**Your task**
Which of the lines below contain the string "CentralUnits"? Copy each one.

-- Opening Marker --

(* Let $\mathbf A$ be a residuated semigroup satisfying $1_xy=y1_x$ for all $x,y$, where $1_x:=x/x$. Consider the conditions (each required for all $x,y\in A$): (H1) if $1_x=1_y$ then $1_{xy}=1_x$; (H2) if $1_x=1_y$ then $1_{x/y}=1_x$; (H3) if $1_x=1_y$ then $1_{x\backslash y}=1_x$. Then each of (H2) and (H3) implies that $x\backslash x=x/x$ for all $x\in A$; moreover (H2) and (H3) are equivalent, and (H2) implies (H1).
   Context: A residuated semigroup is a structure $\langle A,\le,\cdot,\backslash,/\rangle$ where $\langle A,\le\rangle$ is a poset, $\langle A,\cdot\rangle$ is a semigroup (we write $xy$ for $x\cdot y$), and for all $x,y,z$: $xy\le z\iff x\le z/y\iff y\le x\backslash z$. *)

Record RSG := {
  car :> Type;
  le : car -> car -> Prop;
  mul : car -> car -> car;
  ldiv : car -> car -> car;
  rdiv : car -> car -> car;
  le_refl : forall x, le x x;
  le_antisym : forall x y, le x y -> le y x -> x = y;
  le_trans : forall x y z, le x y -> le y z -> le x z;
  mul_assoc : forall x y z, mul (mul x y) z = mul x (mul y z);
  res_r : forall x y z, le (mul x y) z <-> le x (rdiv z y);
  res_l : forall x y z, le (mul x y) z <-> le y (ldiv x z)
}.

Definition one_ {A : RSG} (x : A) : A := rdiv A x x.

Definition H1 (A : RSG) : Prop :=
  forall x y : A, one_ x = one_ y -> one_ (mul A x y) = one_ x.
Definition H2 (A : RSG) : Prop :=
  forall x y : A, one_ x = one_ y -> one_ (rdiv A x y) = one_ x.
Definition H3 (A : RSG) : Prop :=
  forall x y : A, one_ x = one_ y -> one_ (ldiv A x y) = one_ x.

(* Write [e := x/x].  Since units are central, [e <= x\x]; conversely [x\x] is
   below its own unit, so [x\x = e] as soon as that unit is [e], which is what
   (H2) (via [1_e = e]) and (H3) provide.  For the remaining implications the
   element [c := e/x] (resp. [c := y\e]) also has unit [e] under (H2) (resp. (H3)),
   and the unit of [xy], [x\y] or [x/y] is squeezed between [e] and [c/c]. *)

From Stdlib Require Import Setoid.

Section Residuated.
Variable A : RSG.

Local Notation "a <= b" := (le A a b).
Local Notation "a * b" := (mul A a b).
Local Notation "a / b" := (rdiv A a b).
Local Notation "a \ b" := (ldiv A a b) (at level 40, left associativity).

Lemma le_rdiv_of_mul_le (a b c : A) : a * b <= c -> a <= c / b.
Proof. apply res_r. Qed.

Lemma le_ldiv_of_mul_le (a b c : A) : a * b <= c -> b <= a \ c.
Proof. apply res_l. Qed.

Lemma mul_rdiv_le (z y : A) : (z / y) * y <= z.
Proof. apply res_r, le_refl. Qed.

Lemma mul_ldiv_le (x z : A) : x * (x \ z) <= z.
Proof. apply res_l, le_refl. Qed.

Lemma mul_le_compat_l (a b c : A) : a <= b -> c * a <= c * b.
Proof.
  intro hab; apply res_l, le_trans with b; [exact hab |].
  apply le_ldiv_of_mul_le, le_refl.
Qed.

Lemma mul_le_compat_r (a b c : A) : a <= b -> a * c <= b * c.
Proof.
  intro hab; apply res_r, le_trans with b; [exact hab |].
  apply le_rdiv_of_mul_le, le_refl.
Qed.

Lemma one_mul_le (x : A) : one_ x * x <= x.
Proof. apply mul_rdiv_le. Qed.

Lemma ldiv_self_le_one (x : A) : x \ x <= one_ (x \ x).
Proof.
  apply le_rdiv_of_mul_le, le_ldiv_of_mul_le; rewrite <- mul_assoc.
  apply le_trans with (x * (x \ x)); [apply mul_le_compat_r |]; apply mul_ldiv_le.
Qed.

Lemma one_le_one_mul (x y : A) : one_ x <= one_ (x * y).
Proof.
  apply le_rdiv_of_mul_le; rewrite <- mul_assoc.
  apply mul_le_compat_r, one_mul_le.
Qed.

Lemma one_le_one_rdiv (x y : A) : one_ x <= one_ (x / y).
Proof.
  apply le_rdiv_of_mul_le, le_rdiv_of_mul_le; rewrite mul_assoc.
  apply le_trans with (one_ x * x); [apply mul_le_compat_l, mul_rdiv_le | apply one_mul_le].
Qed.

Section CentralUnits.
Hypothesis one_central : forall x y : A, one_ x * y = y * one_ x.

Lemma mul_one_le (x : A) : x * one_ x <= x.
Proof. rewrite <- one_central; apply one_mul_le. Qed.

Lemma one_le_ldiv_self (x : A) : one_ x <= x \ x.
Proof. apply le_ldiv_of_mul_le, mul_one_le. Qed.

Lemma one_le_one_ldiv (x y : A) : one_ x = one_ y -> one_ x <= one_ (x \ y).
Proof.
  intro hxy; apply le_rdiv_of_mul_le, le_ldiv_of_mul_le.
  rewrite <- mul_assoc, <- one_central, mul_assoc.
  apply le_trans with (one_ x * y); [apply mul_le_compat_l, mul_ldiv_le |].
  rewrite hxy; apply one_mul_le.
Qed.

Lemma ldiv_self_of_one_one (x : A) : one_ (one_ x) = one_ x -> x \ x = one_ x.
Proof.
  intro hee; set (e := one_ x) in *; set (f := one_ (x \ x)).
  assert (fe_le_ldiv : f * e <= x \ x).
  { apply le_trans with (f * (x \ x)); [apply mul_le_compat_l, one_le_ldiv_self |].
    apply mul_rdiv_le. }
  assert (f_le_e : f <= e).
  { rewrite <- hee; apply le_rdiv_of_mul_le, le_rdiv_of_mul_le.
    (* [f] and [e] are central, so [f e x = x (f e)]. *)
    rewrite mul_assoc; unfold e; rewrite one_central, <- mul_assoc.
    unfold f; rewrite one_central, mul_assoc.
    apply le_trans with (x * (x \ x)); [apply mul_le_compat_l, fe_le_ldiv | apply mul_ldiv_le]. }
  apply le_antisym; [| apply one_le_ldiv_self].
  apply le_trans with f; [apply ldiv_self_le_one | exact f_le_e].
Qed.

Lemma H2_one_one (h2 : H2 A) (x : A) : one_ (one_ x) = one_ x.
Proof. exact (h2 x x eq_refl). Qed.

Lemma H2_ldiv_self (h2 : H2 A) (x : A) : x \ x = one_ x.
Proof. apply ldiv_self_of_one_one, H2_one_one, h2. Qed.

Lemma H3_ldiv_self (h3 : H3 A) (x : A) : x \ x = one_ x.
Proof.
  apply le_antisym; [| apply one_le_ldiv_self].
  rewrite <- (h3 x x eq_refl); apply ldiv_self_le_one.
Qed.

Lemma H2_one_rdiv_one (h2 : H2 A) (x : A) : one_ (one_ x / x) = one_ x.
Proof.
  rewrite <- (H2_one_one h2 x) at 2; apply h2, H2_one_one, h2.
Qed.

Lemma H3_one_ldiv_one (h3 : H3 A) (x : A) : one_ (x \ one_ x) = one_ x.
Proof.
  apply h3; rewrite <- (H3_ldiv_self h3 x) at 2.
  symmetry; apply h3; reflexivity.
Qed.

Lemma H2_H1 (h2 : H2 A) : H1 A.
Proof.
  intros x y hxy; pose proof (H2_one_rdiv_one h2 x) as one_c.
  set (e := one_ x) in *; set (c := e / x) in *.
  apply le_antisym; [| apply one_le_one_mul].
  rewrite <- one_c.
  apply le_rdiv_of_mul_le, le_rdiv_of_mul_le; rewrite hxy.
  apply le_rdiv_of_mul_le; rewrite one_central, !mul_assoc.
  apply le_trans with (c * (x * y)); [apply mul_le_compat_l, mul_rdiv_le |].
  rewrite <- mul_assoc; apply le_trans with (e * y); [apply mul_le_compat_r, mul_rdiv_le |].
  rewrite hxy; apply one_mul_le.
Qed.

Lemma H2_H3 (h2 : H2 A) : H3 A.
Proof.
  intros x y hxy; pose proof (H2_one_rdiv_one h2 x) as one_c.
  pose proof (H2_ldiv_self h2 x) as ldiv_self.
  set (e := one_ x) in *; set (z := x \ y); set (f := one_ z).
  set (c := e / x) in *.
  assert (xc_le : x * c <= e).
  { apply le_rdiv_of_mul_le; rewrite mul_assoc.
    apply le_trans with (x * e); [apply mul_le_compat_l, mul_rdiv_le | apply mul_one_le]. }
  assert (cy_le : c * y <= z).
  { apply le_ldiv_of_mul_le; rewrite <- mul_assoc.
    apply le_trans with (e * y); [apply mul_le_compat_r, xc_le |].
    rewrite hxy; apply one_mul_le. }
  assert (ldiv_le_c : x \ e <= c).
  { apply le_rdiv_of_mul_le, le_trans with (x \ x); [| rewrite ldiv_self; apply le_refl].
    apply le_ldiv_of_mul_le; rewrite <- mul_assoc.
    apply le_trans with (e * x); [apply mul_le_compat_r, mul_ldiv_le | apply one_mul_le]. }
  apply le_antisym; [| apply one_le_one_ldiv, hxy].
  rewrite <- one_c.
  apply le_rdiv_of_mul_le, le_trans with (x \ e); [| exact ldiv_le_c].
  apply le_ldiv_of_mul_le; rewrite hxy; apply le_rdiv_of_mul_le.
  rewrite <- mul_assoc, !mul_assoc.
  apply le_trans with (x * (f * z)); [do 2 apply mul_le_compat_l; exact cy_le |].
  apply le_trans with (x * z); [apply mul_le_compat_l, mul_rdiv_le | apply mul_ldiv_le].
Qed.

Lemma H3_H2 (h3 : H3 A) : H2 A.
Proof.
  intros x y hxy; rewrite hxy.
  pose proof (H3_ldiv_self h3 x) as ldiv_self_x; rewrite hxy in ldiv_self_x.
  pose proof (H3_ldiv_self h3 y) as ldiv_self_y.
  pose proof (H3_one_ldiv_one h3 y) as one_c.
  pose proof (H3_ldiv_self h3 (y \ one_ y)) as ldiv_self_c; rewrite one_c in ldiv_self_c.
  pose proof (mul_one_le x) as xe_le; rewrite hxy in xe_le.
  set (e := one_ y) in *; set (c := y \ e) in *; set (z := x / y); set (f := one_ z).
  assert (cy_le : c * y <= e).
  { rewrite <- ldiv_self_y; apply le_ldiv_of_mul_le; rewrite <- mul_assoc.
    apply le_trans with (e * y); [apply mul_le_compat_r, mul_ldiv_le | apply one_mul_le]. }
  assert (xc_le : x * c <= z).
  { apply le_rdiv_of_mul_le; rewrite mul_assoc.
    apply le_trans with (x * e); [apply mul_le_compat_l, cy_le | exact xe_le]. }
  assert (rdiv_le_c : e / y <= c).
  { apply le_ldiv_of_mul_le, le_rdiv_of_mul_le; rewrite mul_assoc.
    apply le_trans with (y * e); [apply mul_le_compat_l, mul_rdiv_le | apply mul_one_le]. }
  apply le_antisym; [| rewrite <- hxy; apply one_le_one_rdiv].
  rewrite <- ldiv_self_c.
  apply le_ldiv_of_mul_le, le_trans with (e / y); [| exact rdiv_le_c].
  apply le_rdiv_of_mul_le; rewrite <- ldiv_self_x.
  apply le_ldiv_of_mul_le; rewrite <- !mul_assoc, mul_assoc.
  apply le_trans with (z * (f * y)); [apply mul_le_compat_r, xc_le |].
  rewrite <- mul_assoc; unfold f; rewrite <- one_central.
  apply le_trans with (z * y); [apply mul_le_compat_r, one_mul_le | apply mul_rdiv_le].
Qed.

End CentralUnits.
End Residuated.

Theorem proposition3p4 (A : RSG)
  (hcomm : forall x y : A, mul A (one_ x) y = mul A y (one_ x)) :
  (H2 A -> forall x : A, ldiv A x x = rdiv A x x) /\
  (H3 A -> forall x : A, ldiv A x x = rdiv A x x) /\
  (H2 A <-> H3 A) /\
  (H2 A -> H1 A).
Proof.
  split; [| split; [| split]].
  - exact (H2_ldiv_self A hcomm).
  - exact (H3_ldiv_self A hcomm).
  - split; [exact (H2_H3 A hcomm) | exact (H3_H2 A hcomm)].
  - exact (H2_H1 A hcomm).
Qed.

-- Closing Marker --

**Response for this exercise**
Section CentralUnits.
End CentralUnits.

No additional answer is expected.